At this, Brent and Sugar fist-bumped and both let out a yelp.
“I love that shit, dog,” Sugar said.
“It is so cool,” Brent said. “One day, I’m going to be able to MacGyver stuff like you and be all ‘I’m a spy,’ and people will be all ‘Whoa.’ It’ll be awesome.”
Barry actually groaned, which was my cue to get out of the car. “Keep it running, Sugar,” I said.
“On it,” he said.
From the street, I could see directly into the consulate, and even from the street, I could see bulky-looking men lingering near the entrance to the ballroom, their eyes darting to every person who walked in. I had an idea they weren’t there to watch out for people stealing prime rib.

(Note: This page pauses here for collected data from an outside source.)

(* Let $\alpha\in(0,1)\cup(1,2]$ and let $\Phi_{AB}=|\Phi\rangle\langle\Phi|$ with $|\Phi\rangle_{AB}=\frac{1}{\sqrt d}\sum_{i=0}^{d-1}|i\rangle_A|i\rangle_B$ a maximally entangled state of Schmidt rank $d$ (for orthonormal sets $\{|i\rangle_A\}$, $\{|i\rangle_B\}$). Then $E^{\mathrm{sq}}_\alpha(A;B)_\Phi=\log d$.
   Context: All Hilbert spaces are finite-dimensional and $\log$ is the natural logarithm. For a positive semi-definite $M$ and function $f$, $f(M)$ applies $f$ only to nonzero eigenvalues (negative powers are generalized inverses). For a state $\rho_{ABE}$ and $\alpha\in(0,1)\cup(1,\infty)$, $$I_\alpha(A;B|E)_\rho=\frac{\alpha}{\alpha-1}\log\mathrm{Tr}\Big\{\Big(\rho_E^{(\alpha-1)/2}\,\mathrm{Tr}_A\big\{\rho_{AE}^{(1-\alpha)/2}\rho_{ABE}^{\alpha}\rho_{AE}^{(1-\alpha)/2}\big\}\,\rho_E^{(\alpha-1)/2}\Big)^{1/\alpha}\Big\}.$$ The Rényi squashed entanglement is $E^{\mathrm{sq}}_\alpha(A;B)_\rho=\frac12\inf\{I_\alpha(A;B|E)_\omega:\ \mathrm{Tr}_E\omega_{ABE}=\rho_{AB}\}$ over all extensions on finite-dimensional $\mathcal{H}_E$. *)

From HB Require Import structures.
From mathcomp Require Import all_boot all_order all_algebra.
From mathcomp Require Import boolp classical_sets reals ereal exp.
From mathcomp Require Import complex mxtens.

Set Implicit Arguments.
Unset Strict Implicit.
Unset Printing Implicit Defensive.

Import Order.TTheory GRing.Theory Num.Theory.
Local Open Scope ring_scope.
Local Open Scope complex_scope.

Section QInfo.
Variable R : realType.
Local Notation C := R[i].

Definition adjmx m n (M : 'M[C]_(m, n)) : 'M[C]_(n, m) := (map_mx (@conjc R) M)^T.

Definition unitarymx n (U : 'M[C]_n) : Prop := U *m adjmx U = 1%:M.

Definition psdmx n (M : 'M[C]_n) : Prop :=
  adjmx M = M /\ forall v : 'cV[C]_n, 0 <= (adjmx v *m M *m v) 0 0.

Definition densitymx n (M : 'M[C]_n) : Prop := psdmx M /\ \tr M = 1.

Definition psd_decomp n (M : 'M[C]_n) (p : 'M[C]_n * 'rV[R]_n) : Prop :=
  unitarymx p.1 /\ (forall i, 0 <= p.2 0 i) /\
  M = p.1 *m diag_mx (map_mx (fun x => x%:C) p.2) *m adjmx p.1.

(* f(M) for PSD M: f applied only to nonzero eigenvalues (zero eigenvalues
   are sent to 0); the result does not depend on the chosen decomposition. *)
Definition mxfun (f : R -> R) n (M : 'M[C]_n) : 'M[C]_n :=
  match pselect (exists p, psd_decomp M p) with
  | left H => let p := projT1 (cid H) in
      p.1 *m diag_mx (map_mx (fun x => (if x == 0 then 0 else f x)%:C) p.2)
          *m adjmx p.1
  | right _ => 0
  end.

(* M^s, with negative powers being generalized inverses *)
Definition mxpow n (M : 'M[C]_n) (s : R) : 'M[C]_n := mxfun (fun x => powR x s) M.

(* Tensor index of (a,b,e) in H_A (x) H_B (x) H_E, ordered as ((A,B),E). *)
Definition idx3 a b e (i : 'I_a) (j : 'I_b) (k : 'I_e) : 'I_(a * b * e) :=
  mxtens_index (mxtens_index (i, j), k).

Sam got out of the Navigator and slung a satchel over his shoulder that contained both the laptop Big Lumpy had prepared for him and our large check. He also put on a pair of eyeglasses.
“Nice touch,” I said.
“I thought it would make me look smarter,” he said.
“You have everything?”
“What I don’t have in here”—Sam pointed at his head—“I’ve got on the computer. I’m pretty much an expert now, Mikey.”
“Where are the death certificates?”
“Right here,” Sam said and patted his breast pocket.
“Let’s try not to generate any more of them, fake or not,” I said.